Awards and Nominations
Harris has won more than a dozen Grammy Awards, and she received the Grammy Lifetime Achievement Award in 2018. She has earned four International Bluegrass Music Association Awards: Album of the Year for "O Brother, Where Art Thou?" (2001) and "Down from the Mountain" (2002) and Collaborative Recording of the Year for "Will the Circle Be Unbroken, Volume III" (2003) and "Livin', Lovin', Losin': Songs of the Louvin Brothers" (2004). Emmylou won an Academy of Country Music Award for Album of the Year for "Trio" (shared with Dolly Parton and Linda Ronstadt) in 1987, and in 2011, she received the ACM's Cliffie Stone Pioneer Award. She earned Country Music Association Awards for Female Vocalist of the Year (1980), Vocal Event of the Year for "Trio" (1988), and Album of the Year for "O Brother, Where Art Thou?" (2001), and in 1999, she was honored with the Billboard Century Award at the Billboard Music Awards.

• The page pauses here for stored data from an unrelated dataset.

Lemma kdiff_khtp B F T :
  kdiff B (khtp B F) T + khtp B (kdiff B F) T =
  \sum_(k < N | B k) 'X_k * (F T)^`M(k) + (kcount B T)%:R *: F T.
Proof.
rewrite {1}/kdiff {2}/khtp.
under eq_bigr => k /andP[kT Bk] do rewrite (ksignX_khtpU1 F kT Bk).
under [X in _ + X]eq_bigr => l /andP[lT Bl] do rewrite (ksign_mderiv_kdiffD1 F lT Bl).
rewrite !big_split /=.
set C1 := \sum_(k < N | _) \sum_(l < N | _) _.
set C2 := \sum_(l < N | _) \sum_(k < N | _) _.
have -> : C2 = - C1.
  apply/eqP; rewrite -addr_eq0 /C2 exchange_big /= /C1 -big_split /=.
  apply/eqP/big1 => k /andP[kT Bk]; rewrite -big_split /=.
  apply: big1 => l /andP[lT Bl]; set D := (F _)^`M(l).
  have -> : forall a b c d : R,
      c * (d * 'X_k * D) + a * 'X_k * (b * D) = (a * b + c * d) * ('X_k * D).
    by move=> a b c d; ring.
  by rewrite ksign_swap // addNr mul0r.
have -> : \sum_(l < N | (l \in T) && B l) F T = (kcount B T)%:R *: F T.
  by rewrite scaler_nat /kcount -sumr_const; apply: eq_bigl => l; rewrite inE.
rewrite [in RHS](bigID (mem T)) /= addrC.
under [in RHS]eq_bigl => k do rewrite andbC.
under [X in _ = _ + X + _]eq_bigl => k do rewrite andbC.
ring.
Qed.

Lemma kdiffK B F T : kdiff B (kdiff B F) T = 0.
Proof.
pose a k l : R :=
  if [&& k \notin T, l \notin k |: T, B k & B l] then
    ksign T k * 'X_k * (ksign (k |: T) l * 'X_l * F (l |: (k |: T)))
  else 0.
have -> : kdiff B (kdiff B F) T = \sum_k \sum_l a k l.
  rewrite /kdiff big_mkcond /=; apply: eq_bigr => k _.
  have [/andP[kT Bk]|nkB] := boolP ((k \notin T) && B k).
    by rewrite mulr_sumr big_mkcond /=; apply: eq_bigr => l _; rewrite /a kT Bk.
  apply/esym/big1 => l _; rewrite /a.
  by case: (k \notin T) (B k) nkB => [] [] //=; rewrite andbF.
apply: sumr_antisym => [k|k l]; first by rewrite /a setU11 andbF.
rewrite /a !inE; case: (eqVneq l k) => [->|lk]; first by rewrite /= andbF oppr0.
case: (boolP (k \in T)) => kT /=; first by rewrite andbF oppr0.
case: (boolP (l \in T)) => lT /=; first by rewrite oppr0.
case: (B k) (B l) => [] [] /=; rewrite ?oppr0 //.
rewrite setUCA !ksignU1 //.
case: (ltngtP l k) => [_|_|/val_inj e]; last by rewrite e eqxx in lk.
  by rewrite /= expr1 expr0; ring.
by rewrite /= expr1 expr0; ring.
Qed.

Lemma eq_kdiff B F F' T : F =1 F' -> kdiff B F T = kdiff B F' T.
Proof. by move=> eFF'; apply: eq_bigr => k _; rewrite eFF'. Qed.

Lemma eq_khtp B F F' T : F =1 F' -> khtp B F T = khtp B F' T.
Proof. by move=> eFF'; apply: eq_bigr => k _; rewrite eFF'. Qed.

Lemma kdiff0 B T : kdiff B (fun=> 0) T = 0.
Proof. by apply: big1 => k _; rewrite mulr0. Qed.

Lemma khtp0 B T : khtp B (fun=> 0) T = 0.
Proof. by apply: big1 => k _; rewrite mderiv0 mulr0. Qed.

Lemma kdiffB B F F' T : kdiff B (fun S => F S - F' S) T = kdiff B F T - kdiff B F' T.
Proof. by rewrite /kdiff -sumrB; apply: eq_bigr => k _; rewrite mulrBr. Qed.

Lemma kdiff_sum B (I : finType) (G : I -> chain) T :
  kdiff B (fun S => \sum_(c : I) G c S) T = \sum_(c : I) kdiff B (G c) T.
Proof. by rewrite /kdiff exchange_big /=; apply: eq_bigr => k _; rewrite mulr_sumr. Qed.
Lemma nonconvergence_from_guarantee (g : R -> R) (len : path_id -> nat)
  (delta fbar bbar al ga K : R) :
  share_guarantee g al ga -> (1 <= len P2)%nat ->
  0 < delta -> 0 < fbar -> 0 < bbar -> 0 < al < 1 -> 0 < ga <= 1 -> 0 < K < 1 ->
  al * (1 - ga) <= (1 - al) * ga * K ->
  exists l : path_id -> nat -> R,
    (forall i j, (1 <= j <= len i)%nat -> 0 <= l i j <= 1) /\
    path_leak len l P1 < path_leak len l P2 /\
    exists p f b : path_id -> nat -> nat -> R,
      (forall i j, (j <= len i)%nat -> 0 < p i j 0%nat) /\
      (forall i j, (1 <= j <= len i)%nat -> 0 <= f i j 0%nat /\ 0 <= b i j 0%nat) /\
      is_trajectory g len l delta fbar bbar p f b /\
      ~ Un_cv (fun t => nu_f p t P1) 1.
Proof.
  intros Hsh Hlen Hd Hf Hb Hal Hga HK Hroom.
  exists (leak_config K).
  split; [intros; now apply leak_config_range |].
  split; [now apply leak_config_P1_better |].
  (* Initially P2 is favoured and flows sit at their bounds. *)
  destruct (trajectory_exists g len (leak_config K) delta fbar bbar
    (fun i _ => match i with P1 => 1 - al | P2 => al end)
    (fun i _ => match i with P1 => 0 | P2 => fbar end)
    (fun i _ => match i with P1 => 0 | P2 => bbar end))
    as (p & f & b & Hp0 & Hf0 & Hb0 & Htraj).
  assert (Hkeep : ga * K <= 1) by nra.
  assert (HI0 : invariant len fbar bbar al ga K p f b 0).
  { split; intros; rewrite ?Hp0, ?Hf0, ?Hb0; try destruct i; repeat split; nra. }
  exists p, f, b.
  split; [exact (inv_pos _ _ _ _ _ _ _ _ _ _ HI0) |].
  split; [intros i j _; rewrite Hf0, Hb0; destruct i; lra |].
  split; [exact Htraj |].
  intros Hcv. destruct (Hcv al ltac:(lra)) as [N HN].
  specialize (HN N (Nat.le_refl N)).
  assert (Hbound : nu_f p N P1 <= 1 - al).
  { apply (nu_f_P1_bounded len fbar bbar al ga K p f b).
    apply (invariant_forever g len delta fbar bbar); assumption. }
  unfold Rdist in HN. rewrite Rabs_left1 in HN by lra. lra.
Qed.

Theorem proposition2 :
  forall (g : R -> R) (len : path_id -> nat) (delta fbar bbar : R),
    in_family g -> nonlinear g ->
    (1 <= len P2)%nat ->
    0 < delta < 1 -> 0 < fbar -> 0 < bbar ->
    exists l : path_id -> nat -> R,
      (forall i j, (1 <= j <= len i)%nat -> 0 <= l i j <= 1) /\
      path_leak len l P1 < path_leak len l P2 /\
      exists p f b : path_id -> nat -> nat -> R,
        (forall i j, (j <= len i)%nat -> 0 < p i j 0%nat) /\
        (forall i j, (1 <= j <= len i)%nat -> 0 <= f i j 0%nat /\ 0 <= b i j 0%nat) /\
        is_trajectory g len l delta fbar bbar p f b /\
        ~ Un_cv (fun t => nu_f p t P1) 1.
Proof.
  intros g len delta fbar bbar Hfam Hnl Hlen Hd Hf Hb.
  destruct (nonlinear_guarantee g Hfam Hnl) as (al & ga & Hal & Hga & Hstrict & Hsh).
  destruct (keep_factor_exists al ga Hal Hga Hstrict) as (K & HK & Hroom).
  apply (nonconvergence_from_guarantee g len delta fbar bbar al ga K);
    solve [assumption | lra].
Qed.
Lemma goss_v_factor s pi a (z : int) :
    in_Goss v p L s -> pi \in L -> pi != 0 -> a \in L -> a != 0 ->
    v a = z%:~R * v pi ->
  v (s a) = z%:~R * v (s pi).
Proof.
move=> Gs piL pi0 aL a0 va; have s_hom := Gs.1.
pose u := a * pi ^ (- z).
have uL : u \in L by rewrite rpredM ?rpredXz.
have piz0 : pi ^ (- z) != 0 by rewrite expfz_neq0.
have u0 : u != 0 by rewrite mulf_neq0.
have vu : v u = 0 by rewrite vM // vXz // va intrN mulNr subrr.
have -> : a = u * pi ^ z by rewrite -mulrA -expfzDr // addNr expr0z mulr1.
rewrite (hom_LplusM s_hom) ?rpredXz ?expfz_neq0 //.
rewrite (hom_LplusXz L_subfield s_hom) //.
have spi0 : s pi != 0 by rewrite (hom_Lplus_neq0 s_hom).
rewrite vM ?(hom_Lplus_neq0 s_hom) ?expfz_neq0 //.
by rewrite (goss_v_unit Gs) // add0r vXz.
Qed.

End Extension.

End Valuation.

Theorem lemma2p6
  (p : nat) (C : closedFieldType) (v : C -> rat) (K L : {pred C})
  (e : nat) (vL : C -> rat) :
  (* C = C_P : complete, algebraically closed, char p, valued by v_P *)
  prime p -> (p%:R : C) = 0 ->
  is_valuation v -> vcomplete v predT ->
  (* K = K_P : complete discretely valued subfield, v_P(K^x) = Z,
     finite residue field; its algebraic closure is dense in C *)
  is_subfield K -> vcomplete v K ->
  (forall x, x \in K -> x != 0 -> exists z : int, v x = z%:~R) ->
  (exists2 x, x \in K & x != 0 /\ v x = 1) ->
  finite_residue v K ->
  (forall c : C, exists a : nat -> C, (forall n, algebraic_over K (a n)) /\ vlim v a c) ->
  (* L / K_P a finite extension inside C *)
  is_subfield L -> finite_ext K L ->
  (* v_L = e_{L/K_P} v_P is the normalized valuation of L *)
  (0 < e)%N -> (forall x, vL x = e%:R * v x) ->
  (forall x, x \in L -> x != 0 -> exists z : int, vL x = z%:~R) ->
  (exists2 x, x \in L & x != 0 /\ vL x = 1) ->
  exists r : (C -> C) -> rat,
    (goss_hom v p L r /\
     forall s, in_Goss v p L s ->
       forall a, a \in L -> a != 0 -> vL (s a) = r s * vL a) /\
    (forall r' : (C -> C) -> rat,
       goss_hom v p L r' ->
       (forall s, in_Goss v p L s ->
          forall a, a \in L -> a != 0 -> vL (s a) = r' s * vL a) ->
       forall s, in_Goss v p L s -> r' s = r s).
Proof.
move=> _ _ v_val _ K_sub _ _ _ K_res _ L_sub LK_fin e_gt0 vLE vL_int.
move=> [pi piL [pi0 vLpi]].
exists (fun s => vL (s pi)); split; [split|].
- move=> s t [s_hom _] [t_hom _].
  rewrite /goss_add !vLE vM ?(hom_Lplus_neq0 s_hom) ?(hom_Lplus_neq0 t_hom) //.
  by rewrite mulrDr.
- move=> s Gs a aL a0; have [z vLa] := vL_int a aL a0.
  have e_neq0 : (e%:R : rat) != 0 by rewrite pnatr_eq0 -lt0n.
  have va : v a = z%:~R * v pi.
    by apply: (mulfI e_neq0); rewrite mulrCA -!vLE vLa vLpi mulr1.
  have := goss_v_factor v_val K_sub L_sub LK_fin K_res Gs piL pi0 aL a0 va.
  rewrite vLa !vLE => ->.
  by rewrite mulrCA mulrC.
- by move=> r' _ r'E s Gs; have := r'E s Gs pi piL pi0; rewrite vLpi mulr1.
Qed.
Lemma isPoint_pt (L : {set vec F}) : isPoint L -> exists v, L = pt v.
Proof. by case/existsP=> v /andP [_ /eqP ->]; exists v. Qed.

End Points.

Section ConjugationOverFq.

Variables (q : nat) (F : finFieldType).
Hypothesis card_F : #|F| = (q ^ 2)%N.

Lemma exprq_is_nmod_morphism : nmod_morphism (fun x : F => x ^+ q).
Proof.
have [p _ pcharFp] := finPcharP F.
have pcharF_q : [pchar F].-nat q.
  rewrite (eq_pnat _ (pcharf_eq pcharFp)).
  by apply: pnat_dvd (pnat_card_finField pcharFp); rewrite card_F dvdn_mull.
split=> [|x y]; last exact: exprDn_pchar.
by rewrite expr0n; case: q pcharF_q.
Qed.

Lemma exprq_is_monoid_morphism : monoid_morphism (fun x : F => x ^+ q).
Proof. by split=> [|x y]; rewrite ?expr1n ?exprMn. Qed.

Definition conjq : {rmorphism F -> F} :=
  HB.pack (fun x : F => x ^+ q)
    (GRing.isNmodMorphism.Build F F _ exprq_is_nmod_morphism)
    (GRing.isMonoidMorphism.Build F F _ exprq_is_monoid_morphism).

Lemma conjqK : involutive conjq.
Proof. by move=> x; rewrite /= -exprM -[(q * q)%N]/(q ^ 2)%N -card_F expf_card. Qed.

Lemma exprSconjq (x : F) : x ^+ q.+1 = x * conjq x.
Proof. exact: exprS. Qed.

Lemma skewpart_is_zmod_morphism : zmod_morphism (fun z : F => z - conjq z).
Proof. by move=> x y; rewrite rmorphB; ring. Qed.

Definition skewpart : {additive F -> F} :=
  HB.pack (fun z : F => z - conjq z)
    (GRing.isZmodMorphism.Build F F _ skewpart_is_zmod_morphism).

Lemma skewpartE z : skewpart z = z - conjq z.
Proof. by []. Qed.

Lemma skewpart_eq0 z : (skewpart z == 0) = (conjq z == z).
Proof. by rewrite skewpartE subr_eq0 eq_sym. Qed.

Lemma skewpart_fixedM w z : conjq w = w -> skewpart (w * z) = w * skewpart z.
Proof. by move=> wE; rewrite !skewpartE rmorphM wE mulrBr. Qed.

Lemma skewpart_antifixed z : conjq z = - z -> skewpart z = 2 * z.
Proof. by move=> zE; rewrite skewpartE zE; ring. Qed.

Lemma conjq_skewpart z : conjq (skewpart z) = - skewpart z.
Proof. by rewrite skewpartE rmorphB conjqK opprB. Qed.

Section PrimitiveRoot.

Variable zeta : F.
Hypotheses (q_odd : odd q) (prim_zeta : (q ^ 2).-1.-primitive_root zeta).

Lemma conjq_prim_expr_half : conjq (zeta ^+ (q.+1)./2) = - zeta ^+ (q.+1)./2.
Proof.
have q_gt0 : (0 < q)%N by case: q q_odd.
rewrite /= -exprM -{2}(prednK q_gt0) mulnS exprD [(_ * q.-1)%N]mulnC.
by rewrite (prim_expr_half (n := (q.-1 * uphalf q)%N)) ?mulrN1 // -odd_sq_predE.
Qed.

End PrimitiveRoot.

Section Unital.

Variables alpha beta : F.
Hypothesis disc_nonsquare : ~ (exists y : F, y ^+ q = y /\
  y ^+ 2 = (beta ^+ q - beta) ^+ 2 + 4 * alpha ^+ q.+1).

Definition unital_poly (x : F) := alpha * x ^+ 2 + beta * x ^+ q.+1.

Definition tangent_slope (x : F) := 2 * alpha * x + (beta - conjq beta) * conjq x.

Local Ltac conj_simpl :=
  rewrite ?skewpartE /unital_poly /tangent_slope ?exprSconjq
    ?(conjqK, rmorphD, rmorphB, rmorphN, rmorphM, rmorphXn, rmorph_nat).

Lemma skewpart_secant m e x t :
  skewpart (m * (x + t) + e - unital_poly (x + t)) =
  skewpart (m * x + e - unital_poly x) - skewpart ((tangent_slope x - m) * t)
  - skewpart (unital_poly t).
Proof. by conj_simpl; ring. Qed.

Lemma skewpart_unital_polyD x t :
  skewpart (unital_poly (x + t)) =
  skewpart (unital_poly x) + skewpart (tangent_slope x * t) + skewpart (unital_poly t).
Proof. by conj_simpl; ring. Qed.

Lemma skewpart_unital_polyZ w u : conjq w = w ->
  skewpart (unital_poly (w * u)) = w ^+ 2 * skewpart (unital_poly u).
Proof. by move=> wE; conj_simpl; rewrite wE; ring. Qed.

Lemma skewpart_tangent_slope_diag x :
  skewpart (tangent_slope x * x) = 2 * skewpart (unital_poly x).
Proof. by conj_simpl; ring. Qed.

Lemma skewpart_unital_poly_eq0 u : skewpart (unital_poly u) = 0 -> u = 0.
Proof.
move=> N0; apply/eqP/negPn/negP => u_neq0.
have cu_neq0 : conjq u != 0 by rewrite fmorph_eq0.
have {}N0 : conjq beta - beta =
            (alpha * u ^+ 2 - conjq alpha * conjq u ^+ 2) / (u * conjq u).
  apply: (mulIf (mulf_neq0 u_neq0 cu_neq0)); rewrite mulfVK ?mulf_neq0 //.
  by apply/eqP; rewrite -subr_eq0 -oppr_eq0 -N0; conj_simpl; apply/eqP; ring.
apply: disc_nonsquare.
exists ((alpha * u ^+ 2 + conjq alpha * conjq u ^+ 2) / (u * conjq u)); split.
  by rewrite -[_ ^+ q]/(conjq _) fmorph_div; conj_simpl; field; rewrite u_neq0 cu_neq0.
rewrite -[beta ^+ q]/(conjq beta) exprSconjq N0.
by field; rewrite u_neq0 cu_neq0.
Qed.

Lemma secant_second_point kappa m e x0 :
  conjq kappa = - kappa -> kappa != 0 -> (2 : F) != 0 -> m != tangent_slope x0 ->
  skewpart (m * x0 + e - unital_poly x0) = 0 ->
  exists2 x1, x1 != x0 & skewpart (m * x1 + e - unital_poly x1) = 0.
Proof.
move=> kappaE kappa_neq0 two_neq0 m_neq on_x0.
(* Along x0 + s u, with u := kappa / (slope - m) and s in F_q, the skew part is
   - s (2 kappa + s N u), which also vanishes at s := - 2 kappa / N u. *)
have D_neq0 : tangent_slope x0 - m != 0 by rewrite subr_eq0 eq_sym.
set u := kappa / (tangent_slope x0 - m).
have u_neq0 : u != 0 by rewrite mulf_neq0 ?invr_neq0.
have N_neq0 : skewpart (unital_poly u) != 0.
  by apply: contra_neq u_neq0; apply: skewpart_unital_poly_eq0.
set s := - (2 * kappa) / skewpart (unital_poly u).
have sE : conjq s = s.
  by rewrite /s fmorph_div rmorphN rmorphM rmorph_nat kappaE conjq_skewpart invrN; ring.
have s_neq0 : s != 0 by rewrite /s mulf_neq0 ?invr_neq0 // oppr_eq0 mulf_neq0.
exists (x0 + s * u); first by rewrite addrC -subr_eq0 addrK mulf_neq0.
rewrite skewpart_secant on_x0 mulrCA [_ * u]mulrC mulfVK //.
rewrite skewpart_fixedM // skewpart_antifixed // skewpart_unital_polyZ //.
by rewrite /s; field.
Qed.

Lemma unital_inf : pt (0, 1, 0) \in unital q alpha beta.
Proof. exact: setU11. Qed.

Lemma affine_in_unitalE x y :
  (pt (x, y, 1) \in unital q alpha beta) = (skewpart (y - unital_poly x) == 0).
Proof.
apply/idP/idP => [|y_U].
  case/setU1P => [/eqP|/imset2P [x' r _ rE /pt_affine_inj [<- ->]]].
    by rewrite (negbTE (pt_affine_neq_inf _ _)).
  by rewrite /unital_poly addrC addKr skewpart_eq0; rewrite inE in rE.
apply/setU1P; right; apply/imset2P; exists x (y - unital_poly x) => //.
  by rewrite inE -skewpart_eq0.
by rewrite -/(unital_poly x) addrC subrK.
Qed.

Lemma unital_cases P : P \in unital q alpha beta ->
  P = pt (0, 1, 0) \/ exists x y, P = pt (x, y, 1).
Proof.
case/setU1P => [->|/imset2P [x r _ _ ->]]; first by left.
by right; exists x, (alpha * x ^+ 2 + beta * x ^+ q.+1 + r).
Qed.

Section Pedal.

Variable eps : F.
Hypotheses (eps_antifixed : conjq eps = - eps) (eps_neq0 : eps != 0).
Hypothesis two_neq0 : (2 : F) != 0.

Definition pedal_pt x := pt (x, tangent_slope x * x + eps, 1).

At the Americana Music Honors & Awards, Harris received a Lifetime Achievement Award in 2002, and she and Rodney Crowell won the Album of the Year award for "Old Yellow Moon" in 2013 and were named Duo/Group of the Year in 2013 and 2016. In 2006, Emmylou earned an Online Film & Television Association Award for Best Music, Original Song for "A Love That Will Never Grow Old" from "Brokeback Mountain" (shared with Gustavo Santaolalla and Bernie Taupin), and in 2015, she won a Polar Music Prize. She was inducted into the Grand Ole Opry in 1992 and the Alabama Music Hall of Fame in 2003, and in 2019, she received a star on the Hollywood Walk of Fame with Dolly Parton and Linda Ronstadt.
Real Estate
In November 1990, Emmylou paid $96,000 for a two-acre property in Nashville, Tennessee. She still owns this property, and today it is worth at least $3-5 million.